SUPPLIED DATA »
(* Let $G=H\oplus_2 K$ be a $2$-sum of $2$-connected cubic graphs $H$ and $K$, where $K$ is $3$-edge-colourable. Then $\pi(G)\ge 5$ if and only if $\pi(H)\ge 5$.
   Context: Graphs are finite; loops and multiple edges are allowed. For a bridgeless cubic graph $G$, the perfect matching index $\pi(G)$ is the smallest number of perfect matchings of $G$ whose union is $E(G)$. A $2$-sum $H\oplus_2 K$ with distinguished edges $e\in E(H)$, $f\in E(K)$ is obtained by deleting $e$ and $f$ and joining the two $2$-valent vertices of $H-e$ to the two $2$-valent vertices of $K-f$ by two new independent edges. *)

From mathcomp Require Import all_boot.
Set Implicit Arguments. Unset Strict Implicit. Unset Printing Implicit Defensive.

(* A loop has equal endpoints;
   parallel edges are distinct edges with the same endpoints. *)
Record mgraph := MGraph {
  vert : finType;
  edge : finType;
  ends : edge -> vert * vert
}.

Section Basics.
Variable G : mgraph.

Definition incident (x : edge G) (v : vert G) : bool :=
  ((ends x).1 == v) || ((ends x).2 == v).

Definition is_loop (x : edge G) : bool := (ends x).1 == (ends x).2.

(* degree; a loop counts twice *)
Definition deg (v : vert G) : nat :=
  #|[set x : edge G | (ends x).1 == v]| + #|[set x : edge G | (ends x).2 == v]|.

Definition cubic : Prop := forall v : vert G, deg v = 3.

Definition adj (u v : vert G) : bool :=
  [exists x : edge G, (ends x == (u, v)) || (ends x == (v, u))].

Definition connected_on (S : {set vert G}) : Prop :=
  forall u v, u \in S -> v \in S ->
    connect (fun a b => [&& a \in S, b \in S & adj a b]) u v.

Definition connected : Prop := connected_on setT.

Definition two_connected : Prop :=
  [/\ forall x : edge G, ~~ is_loop x,
      connected &
      forall v : vert G, connected_on (setT :\ v)].

Definition three_edge_colourable : Prop :=
  exists c : edge G -> 'I_3,
    (forall x, ~~ is_loop x) /\
    (forall x y (v : vert G), x != y -> incident x v -> incident y v ->
        c x != c y).

Definition perfect_matching (M : {set edge G}) : Prop :=
  (forall x, x \in M -> ~~ is_loop x) /\
  (forall v : vert G, #|[set x in M | incident x v]| = 1).

Definition pm_cover (k : nat) : Prop :=
  exists M : 'I_k -> {set edge G},
    (forall i, perfect_matching (M i)) /\ (forall x, exists i, x \in M i).

(* pi(G) >= n : every cover of E(G) by perfect matchings uses >= n of them *)
Definition pmi_ge (n : nat) : Prop := forall k, pm_cover k -> n <= k.

End Basics.

(* 2-sum H (+)_2 K along e in E(H) with ends (a,b) and f in E(K) with ends
   (c,d): delete e and f, add two new independent edges.  If swap = false
   the new edges are ac and bd; if swap = true they are ad and bc. *)
Section TwoSum.
Variables (H K : mgraph) (e : edge H) (f : edge K) (swap : bool).
(* Let $f:\Gamma_+\to\mathbb{R}$ be a smooth function which is homogeneous of degree one. Then $f\in\mathcal{C}_n$ if and only if the following hold everywhere on $\Gamma_+$: (1) $\dot f^i=\frac{\partial f}{\partial x_i}>0$ for each $i$; (2) the matrix $\ddot f^{ij}=\frac{\partial^2 f}{\partial x_i\partial x_j}$ is non-positive (negative semidefinite); (3) the matrix $\ddot f^{ij}+2\frac{\dot f^i}{x_i}\delta_{ij}$ is non-negative (positive semidefinite).
   Context: $\Gamma_+=\{x\in\mathbb{R}^n: x_i>0\ \forall i\}$. $\mathcal{C}_n$ is the class of functions $f:\Gamma_+\to\mathbb{R}$ which are $C^\infty$, homogeneous of degree one ($f(cx)=cf(x)$ for $c>0$), strictly monotone increasing ($\partial f/\partial x_i>0$ for each $i$), concave, and inverse-concave, meaning that $f^*(x_1,\dots,x_n)=-f(x_1^{-1},\dots,x_n^{-1})$ is concave on $\Gamma_+$. *)

From HB Require Import structures.
From mathcomp Require Import all_boot all_order all_algebra.
From mathcomp Require Import all_classical all_reals all_analysis.
Set Implicit Arguments. Unset Strict Implicit. Unset Printing Implicit Defensive.
Import Order.TTheory GRing.Theory Num.Theory.
Import numFieldNormedType.Exports.
Local Open Scope ring_scope.
Local Open Scope classical_set_scope.

Section Defs.
Variables (R : realType) (n : nat).
Notation V := 'rV[R]_n.

Definition Gamma_plus : set V := [set x | forall i : 'I_n, 0 < x 0 i].

Definition ebasis (i : 'I_n) : V := delta_mx 0 i.

Definition pd (i : 'I_n) (f : V -> R) : V -> R := 'D_(ebasis i) f.

Definition iter_deriv (vs : seq V) (f : V -> R) : V -> R :=
  foldr (fun v g => 'D_v g) f vs.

WHAT NEEDS TO BE DONE » Copy all the records above exactly, missing none.

SOLUTION FOR THIS TASK »
(* Let $G=H\oplus_2 K$ be a $2$-sum of $2$-connected cubic graphs $H$ and $K$, where $K$ is $3$-edge-colourable. Then $\pi(G)\ge 5$ if and only if $\pi(H)\ge 5$.
   Context: Graphs are finite; loops and multiple edges are allowed. For a bridgeless cubic graph $G$, the perfect matching index $\pi(G)$ is the smallest number of perfect matchings of $G$ whose union is $E(G)$. A $2$-sum $H\oplus_2 K$ with distinguished edges $e\in E(H)$, $f\in E(K)$ is obtained by deleting $e$ and $f$ and joining the two $2$-valent vertices of $H-e$ to the two $2$-valent vertices of $K-f$ by two new independent edges. *)

From mathcomp Require Import all_boot.
Set Implicit Arguments. Unset Strict Implicit. Unset Printing Implicit Defensive.

(* A loop has equal endpoints;
   parallel edges are distinct edges with the same endpoints. *)
Record mgraph := MGraph {
  vert : finType;
  edge : finType;
  ends : edge -> vert * vert
}.

Section Basics.
Variable G : mgraph.

Definition incident (x : edge G) (v : vert G) : bool :=
  ((ends x).1 == v) || ((ends x).2 == v).

Definition is_loop (x : edge G) : bool := (ends x).1 == (ends x).2.

(* degree; a loop counts twice *)
Definition deg (v : vert G) : nat :=
  #|[set x : edge G | (ends x).1 == v]| + #|[set x : edge G | (ends x).2 == v]|.

Definition cubic : Prop := forall v : vert G, deg v = 3.

Definition adj (u v : vert G) : bool :=
  [exists x : edge G, (ends x == (u, v)) || (ends x == (v, u))].

Definition connected_on (S : {set vert G}) : Prop :=
  forall u v, u \in S -> v \in S ->
    connect (fun a b => [&& a \in S, b \in S & adj a b]) u v.

Definition connected : Prop := connected_on setT.

Definition two_connected : Prop :=
  [/\ forall x : edge G, ~~ is_loop x,
      connected &
      forall v : vert G, connected_on (setT :\ v)].

Definition three_edge_colourable : Prop :=
  exists c : edge G -> 'I_3,
    (forall x, ~~ is_loop x) /\
    (forall x y (v : vert G), x != y -> incident x v -> incident y v ->
        c x != c y).

Definition perfect_matching (M : {set edge G}) : Prop :=
  (forall x, x \in M -> ~~ is_loop x) /\
  (forall v : vert G, #|[set x in M | incident x v]| = 1).

Definition pm_cover (k : nat) : Prop :=
  exists M : 'I_k -> {set edge G},
    (forall i, perfect_matching (M i)) /\ (forall x, exists i, x \in M i).

(* pi(G) >= n : every cover of E(G) by perfect matchings uses >= n of them *)
Definition pmi_ge (n : nat) : Prop := forall k, pm_cover k -> n <= k.

End Basics.

(* 2-sum H (+)_2 K along e in E(H) with ends (a,b) and f in E(K) with ends
   (c,d): delete e and f, add two new independent edges.  If swap = false
   the new edges are ac and bd; if swap = true they are ad and bc. *)
Section TwoSum.
Variables (H K : mgraph) (e : edge H) (f : edge K) (swap : bool).
(* Let $f:\Gamma_+\to\mathbb{R}$ be a smooth function which is homogeneous of degree one. Then $f\in\mathcal{C}_n$ if and only if the following hold everywhere on $\Gamma_+$: (1) $\dot f^i=\frac{\partial f}{\partial x_i}>0$ for each $i$; (2) the matrix $\ddot f^{ij}=\frac{\partial^2 f}{\partial x_i\partial x_j}$ is non-positive (negative semidefinite); (3) the matrix $\ddot f^{ij}+2\frac{\dot f^i}{x_i}\delta_{ij}$ is non-negative (positive semidefinite).
   Context: $\Gamma_+=\{x\in\mathbb{R}^n: x_i>0\ \forall i\}$. $\mathcal{C}_n$ is the class of functions $f:\Gamma_+\to\mathbb{R}$ which are $C^\infty$, homogeneous of degree one ($f(cx)=cf(x)$ for $c>0$), strictly monotone increasing ($\partial f/\partial x_i>0$ for each $i$), concave, and inverse-concave, meaning that $f^*(x_1,\dots,x_n)=-f(x_1^{-1},\dots,x_n^{-1})$ is concave on $\Gamma_+$. *)

From HB Require Import structures.
From mathcomp Require Import all_boot all_order all_algebra.
From mathcomp Require Import all_classical all_reals all_analysis.
Set Implicit Arguments. Unset Strict Implicit. Unset Printing Implicit Defensive.
Import Order.TTheory GRing.Theory Num.Theory.
Import numFieldNormedType.Exports.
Local Open Scope ring_scope.
Local Open Scope classical_set_scope.

Section Defs.
Variables (R : realType) (n : nat).
Notation V := 'rV[R]_n.

Definition Gamma_plus : set V := [set x | forall i : 'I_n, 0 < x 0 i].

Definition ebasis (i : 'I_n) : V := delta_mx 0 i.

Definition pd (i : 'I_n) (f : V -> R) : V -> R := 'D_(ebasis i) f.

Definition iter_deriv (vs : seq V) (f : V -> R) : V -> R :=
  foldr (fun v g => 'D_v g) f vs.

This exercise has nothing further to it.